Stored data entries
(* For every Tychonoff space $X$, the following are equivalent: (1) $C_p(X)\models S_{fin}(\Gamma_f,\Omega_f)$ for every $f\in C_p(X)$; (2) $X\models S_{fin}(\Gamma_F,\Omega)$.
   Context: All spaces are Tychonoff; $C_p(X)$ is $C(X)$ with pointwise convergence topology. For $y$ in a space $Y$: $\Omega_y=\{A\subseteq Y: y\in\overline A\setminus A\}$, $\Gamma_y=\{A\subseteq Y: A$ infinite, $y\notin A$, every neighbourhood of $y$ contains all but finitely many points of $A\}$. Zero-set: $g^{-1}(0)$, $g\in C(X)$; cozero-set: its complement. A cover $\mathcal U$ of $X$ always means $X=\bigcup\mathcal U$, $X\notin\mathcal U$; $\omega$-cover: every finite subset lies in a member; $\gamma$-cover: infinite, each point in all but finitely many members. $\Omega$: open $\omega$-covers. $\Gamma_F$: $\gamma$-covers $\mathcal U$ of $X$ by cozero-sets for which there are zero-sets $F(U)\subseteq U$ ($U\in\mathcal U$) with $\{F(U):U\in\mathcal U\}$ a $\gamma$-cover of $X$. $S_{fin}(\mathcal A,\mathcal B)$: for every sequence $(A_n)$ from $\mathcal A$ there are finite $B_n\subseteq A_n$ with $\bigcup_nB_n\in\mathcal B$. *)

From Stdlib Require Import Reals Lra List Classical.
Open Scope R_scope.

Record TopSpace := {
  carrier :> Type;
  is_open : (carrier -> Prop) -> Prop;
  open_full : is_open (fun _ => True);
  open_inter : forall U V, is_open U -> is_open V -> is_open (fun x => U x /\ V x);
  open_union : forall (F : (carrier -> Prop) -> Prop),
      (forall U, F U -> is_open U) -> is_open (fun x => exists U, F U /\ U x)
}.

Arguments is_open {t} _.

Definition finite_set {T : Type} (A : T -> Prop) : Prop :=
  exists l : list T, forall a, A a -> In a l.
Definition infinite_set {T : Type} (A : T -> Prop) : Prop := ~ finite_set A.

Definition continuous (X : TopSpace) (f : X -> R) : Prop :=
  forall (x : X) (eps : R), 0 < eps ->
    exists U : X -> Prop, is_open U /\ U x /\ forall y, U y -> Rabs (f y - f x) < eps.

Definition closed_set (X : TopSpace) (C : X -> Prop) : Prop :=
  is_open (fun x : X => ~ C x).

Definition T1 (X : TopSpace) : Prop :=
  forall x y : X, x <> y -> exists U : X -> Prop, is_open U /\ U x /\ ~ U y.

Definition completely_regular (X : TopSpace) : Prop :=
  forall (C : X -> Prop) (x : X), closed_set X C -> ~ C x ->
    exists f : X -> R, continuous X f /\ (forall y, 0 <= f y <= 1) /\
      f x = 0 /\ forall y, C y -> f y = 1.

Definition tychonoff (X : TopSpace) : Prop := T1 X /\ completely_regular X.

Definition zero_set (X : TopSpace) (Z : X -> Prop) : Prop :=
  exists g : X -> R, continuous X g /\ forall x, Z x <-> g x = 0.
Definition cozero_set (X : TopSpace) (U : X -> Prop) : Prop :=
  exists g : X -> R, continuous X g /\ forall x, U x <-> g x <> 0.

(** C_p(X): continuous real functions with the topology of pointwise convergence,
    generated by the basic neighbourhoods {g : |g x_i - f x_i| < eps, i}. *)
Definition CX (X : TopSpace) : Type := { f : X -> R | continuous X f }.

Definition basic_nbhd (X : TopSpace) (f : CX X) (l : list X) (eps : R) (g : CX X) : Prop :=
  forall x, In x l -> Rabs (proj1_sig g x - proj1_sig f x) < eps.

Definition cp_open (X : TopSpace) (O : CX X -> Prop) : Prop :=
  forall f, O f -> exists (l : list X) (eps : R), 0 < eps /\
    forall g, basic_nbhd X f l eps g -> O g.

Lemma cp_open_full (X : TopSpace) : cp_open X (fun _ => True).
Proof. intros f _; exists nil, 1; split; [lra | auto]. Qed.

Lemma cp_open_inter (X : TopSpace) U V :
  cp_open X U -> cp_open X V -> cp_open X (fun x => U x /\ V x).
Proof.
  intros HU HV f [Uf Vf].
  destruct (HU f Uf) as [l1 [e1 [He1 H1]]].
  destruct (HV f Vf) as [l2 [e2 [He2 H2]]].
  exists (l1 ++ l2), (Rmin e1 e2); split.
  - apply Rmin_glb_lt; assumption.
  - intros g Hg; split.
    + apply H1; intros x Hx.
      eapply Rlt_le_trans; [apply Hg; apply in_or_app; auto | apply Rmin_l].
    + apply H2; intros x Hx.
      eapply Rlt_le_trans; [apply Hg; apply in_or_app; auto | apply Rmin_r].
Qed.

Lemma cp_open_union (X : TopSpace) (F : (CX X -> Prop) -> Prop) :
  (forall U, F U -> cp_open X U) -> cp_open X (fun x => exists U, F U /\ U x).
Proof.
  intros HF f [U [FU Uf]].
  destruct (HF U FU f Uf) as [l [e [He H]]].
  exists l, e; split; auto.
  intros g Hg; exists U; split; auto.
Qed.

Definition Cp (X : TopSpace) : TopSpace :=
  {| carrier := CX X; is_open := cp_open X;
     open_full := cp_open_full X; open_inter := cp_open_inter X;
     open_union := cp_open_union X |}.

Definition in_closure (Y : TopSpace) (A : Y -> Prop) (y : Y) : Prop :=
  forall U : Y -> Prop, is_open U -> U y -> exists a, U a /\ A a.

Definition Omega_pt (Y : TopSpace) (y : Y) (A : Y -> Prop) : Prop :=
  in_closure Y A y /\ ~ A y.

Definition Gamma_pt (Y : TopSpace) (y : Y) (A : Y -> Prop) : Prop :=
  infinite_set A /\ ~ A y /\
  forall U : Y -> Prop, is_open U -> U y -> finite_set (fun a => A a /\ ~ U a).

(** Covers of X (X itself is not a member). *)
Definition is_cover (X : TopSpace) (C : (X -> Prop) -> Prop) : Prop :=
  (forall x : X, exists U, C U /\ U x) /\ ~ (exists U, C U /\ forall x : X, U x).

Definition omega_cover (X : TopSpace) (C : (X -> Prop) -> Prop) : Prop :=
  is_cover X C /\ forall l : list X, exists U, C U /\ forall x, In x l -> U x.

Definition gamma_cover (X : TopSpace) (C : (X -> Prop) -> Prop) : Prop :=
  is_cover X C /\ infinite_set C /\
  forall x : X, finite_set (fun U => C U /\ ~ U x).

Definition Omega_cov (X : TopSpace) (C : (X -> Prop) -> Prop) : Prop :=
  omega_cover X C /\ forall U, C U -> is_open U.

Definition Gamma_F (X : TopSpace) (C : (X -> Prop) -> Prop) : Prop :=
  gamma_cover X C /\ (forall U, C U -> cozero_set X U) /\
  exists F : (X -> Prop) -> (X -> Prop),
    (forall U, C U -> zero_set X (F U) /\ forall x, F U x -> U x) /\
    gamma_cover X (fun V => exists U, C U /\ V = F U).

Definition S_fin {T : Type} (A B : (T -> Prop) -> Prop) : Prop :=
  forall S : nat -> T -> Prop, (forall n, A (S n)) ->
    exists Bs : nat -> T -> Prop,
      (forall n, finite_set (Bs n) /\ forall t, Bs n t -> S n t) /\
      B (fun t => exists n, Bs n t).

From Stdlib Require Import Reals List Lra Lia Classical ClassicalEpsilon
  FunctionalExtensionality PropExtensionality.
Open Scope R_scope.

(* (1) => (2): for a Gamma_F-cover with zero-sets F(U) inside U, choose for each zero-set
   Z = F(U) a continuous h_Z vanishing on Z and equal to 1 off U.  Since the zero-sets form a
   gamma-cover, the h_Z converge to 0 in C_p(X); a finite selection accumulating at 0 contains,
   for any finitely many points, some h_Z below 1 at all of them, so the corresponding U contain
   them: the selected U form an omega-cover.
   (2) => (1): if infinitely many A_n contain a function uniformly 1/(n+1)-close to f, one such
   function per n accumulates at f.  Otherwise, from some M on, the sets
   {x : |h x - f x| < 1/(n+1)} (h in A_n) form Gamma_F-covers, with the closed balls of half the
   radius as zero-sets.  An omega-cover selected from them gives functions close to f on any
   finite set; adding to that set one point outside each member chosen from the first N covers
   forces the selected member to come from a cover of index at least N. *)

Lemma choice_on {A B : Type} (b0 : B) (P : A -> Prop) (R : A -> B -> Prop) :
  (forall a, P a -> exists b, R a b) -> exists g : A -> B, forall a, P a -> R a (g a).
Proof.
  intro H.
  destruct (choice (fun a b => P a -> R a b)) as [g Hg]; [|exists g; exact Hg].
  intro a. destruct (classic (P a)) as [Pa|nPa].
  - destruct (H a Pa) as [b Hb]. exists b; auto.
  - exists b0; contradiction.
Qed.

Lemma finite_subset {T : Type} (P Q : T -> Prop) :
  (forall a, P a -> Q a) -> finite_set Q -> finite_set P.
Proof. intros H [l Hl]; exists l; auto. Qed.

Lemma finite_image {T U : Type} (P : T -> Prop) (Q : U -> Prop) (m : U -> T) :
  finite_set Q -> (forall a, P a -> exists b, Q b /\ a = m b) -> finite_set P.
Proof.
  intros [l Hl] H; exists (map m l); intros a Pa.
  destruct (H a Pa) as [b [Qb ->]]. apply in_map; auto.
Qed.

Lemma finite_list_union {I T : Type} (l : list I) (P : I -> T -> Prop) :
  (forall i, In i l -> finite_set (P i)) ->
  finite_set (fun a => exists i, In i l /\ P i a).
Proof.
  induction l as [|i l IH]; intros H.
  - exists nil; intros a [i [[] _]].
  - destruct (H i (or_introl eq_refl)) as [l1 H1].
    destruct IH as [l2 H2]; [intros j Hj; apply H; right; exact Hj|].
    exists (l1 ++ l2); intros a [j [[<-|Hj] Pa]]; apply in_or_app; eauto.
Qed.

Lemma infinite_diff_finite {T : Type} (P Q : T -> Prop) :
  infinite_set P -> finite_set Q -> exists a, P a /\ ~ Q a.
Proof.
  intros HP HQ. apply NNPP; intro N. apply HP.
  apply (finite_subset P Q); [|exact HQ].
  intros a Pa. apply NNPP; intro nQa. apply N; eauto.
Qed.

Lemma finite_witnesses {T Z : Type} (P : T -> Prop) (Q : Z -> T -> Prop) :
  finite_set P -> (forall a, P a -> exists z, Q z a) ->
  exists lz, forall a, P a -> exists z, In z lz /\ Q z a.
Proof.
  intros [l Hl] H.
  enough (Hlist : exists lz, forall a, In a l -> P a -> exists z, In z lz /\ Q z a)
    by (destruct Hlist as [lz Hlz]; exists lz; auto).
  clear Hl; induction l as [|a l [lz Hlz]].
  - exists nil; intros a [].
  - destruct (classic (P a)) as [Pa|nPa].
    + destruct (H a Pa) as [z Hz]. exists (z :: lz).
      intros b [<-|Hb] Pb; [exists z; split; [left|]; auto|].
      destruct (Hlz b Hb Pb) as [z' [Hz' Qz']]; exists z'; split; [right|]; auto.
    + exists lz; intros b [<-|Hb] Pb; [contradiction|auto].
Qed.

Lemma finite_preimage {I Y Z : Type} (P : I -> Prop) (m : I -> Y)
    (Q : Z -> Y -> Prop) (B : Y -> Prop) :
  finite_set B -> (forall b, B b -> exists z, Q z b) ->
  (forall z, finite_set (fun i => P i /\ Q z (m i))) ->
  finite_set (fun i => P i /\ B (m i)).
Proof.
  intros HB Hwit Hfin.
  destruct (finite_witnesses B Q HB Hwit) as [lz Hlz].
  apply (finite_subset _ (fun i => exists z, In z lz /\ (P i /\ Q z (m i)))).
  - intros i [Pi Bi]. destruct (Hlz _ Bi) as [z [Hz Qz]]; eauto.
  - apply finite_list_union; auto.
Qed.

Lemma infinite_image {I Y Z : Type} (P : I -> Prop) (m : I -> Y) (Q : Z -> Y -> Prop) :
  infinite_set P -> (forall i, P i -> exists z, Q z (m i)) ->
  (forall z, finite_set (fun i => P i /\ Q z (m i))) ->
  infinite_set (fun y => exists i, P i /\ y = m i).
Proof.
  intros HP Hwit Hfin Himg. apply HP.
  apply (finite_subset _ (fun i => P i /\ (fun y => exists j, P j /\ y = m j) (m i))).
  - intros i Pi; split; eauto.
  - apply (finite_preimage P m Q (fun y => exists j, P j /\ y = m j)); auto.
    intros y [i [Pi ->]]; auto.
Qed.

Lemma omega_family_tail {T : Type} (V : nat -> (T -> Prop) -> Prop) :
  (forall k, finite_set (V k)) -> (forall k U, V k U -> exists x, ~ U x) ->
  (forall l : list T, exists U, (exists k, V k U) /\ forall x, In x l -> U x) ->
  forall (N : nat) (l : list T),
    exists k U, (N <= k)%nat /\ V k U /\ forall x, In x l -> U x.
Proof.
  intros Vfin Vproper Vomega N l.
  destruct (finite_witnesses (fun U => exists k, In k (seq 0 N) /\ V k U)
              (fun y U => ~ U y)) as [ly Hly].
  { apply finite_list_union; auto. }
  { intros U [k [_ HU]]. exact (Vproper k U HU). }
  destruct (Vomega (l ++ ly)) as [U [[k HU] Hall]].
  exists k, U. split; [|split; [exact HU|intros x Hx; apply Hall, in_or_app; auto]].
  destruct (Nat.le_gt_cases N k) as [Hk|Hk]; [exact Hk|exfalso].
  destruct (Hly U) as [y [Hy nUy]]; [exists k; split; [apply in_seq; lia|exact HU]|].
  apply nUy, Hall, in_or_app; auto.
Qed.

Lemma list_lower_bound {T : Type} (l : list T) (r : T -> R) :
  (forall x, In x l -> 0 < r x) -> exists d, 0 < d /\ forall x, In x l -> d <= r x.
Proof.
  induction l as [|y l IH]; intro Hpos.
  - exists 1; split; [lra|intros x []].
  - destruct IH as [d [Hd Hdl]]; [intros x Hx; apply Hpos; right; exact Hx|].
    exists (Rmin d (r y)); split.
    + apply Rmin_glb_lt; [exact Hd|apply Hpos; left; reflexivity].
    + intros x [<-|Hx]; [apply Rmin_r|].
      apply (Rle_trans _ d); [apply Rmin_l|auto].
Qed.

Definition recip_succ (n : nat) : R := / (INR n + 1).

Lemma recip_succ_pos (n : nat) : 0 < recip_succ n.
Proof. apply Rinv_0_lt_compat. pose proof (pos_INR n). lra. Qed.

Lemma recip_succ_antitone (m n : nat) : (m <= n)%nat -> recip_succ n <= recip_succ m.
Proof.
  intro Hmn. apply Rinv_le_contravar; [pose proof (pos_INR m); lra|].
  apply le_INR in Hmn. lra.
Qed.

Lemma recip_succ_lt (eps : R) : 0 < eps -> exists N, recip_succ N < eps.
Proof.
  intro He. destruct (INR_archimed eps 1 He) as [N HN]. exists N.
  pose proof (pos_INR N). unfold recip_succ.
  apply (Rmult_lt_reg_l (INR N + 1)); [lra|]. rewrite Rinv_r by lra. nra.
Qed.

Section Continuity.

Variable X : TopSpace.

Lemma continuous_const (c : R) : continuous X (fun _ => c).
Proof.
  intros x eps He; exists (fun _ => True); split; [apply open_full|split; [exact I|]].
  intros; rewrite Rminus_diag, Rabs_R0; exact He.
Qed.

● **YOUR GOAL**: Copy each line of the records that has "functions" in it.

● **RESPONSE**:
(** C_p(X): continuous real functions with the topology of pointwise convergence,
   radius as zero-sets.  An omega-cover selected from them gives functions close to f on any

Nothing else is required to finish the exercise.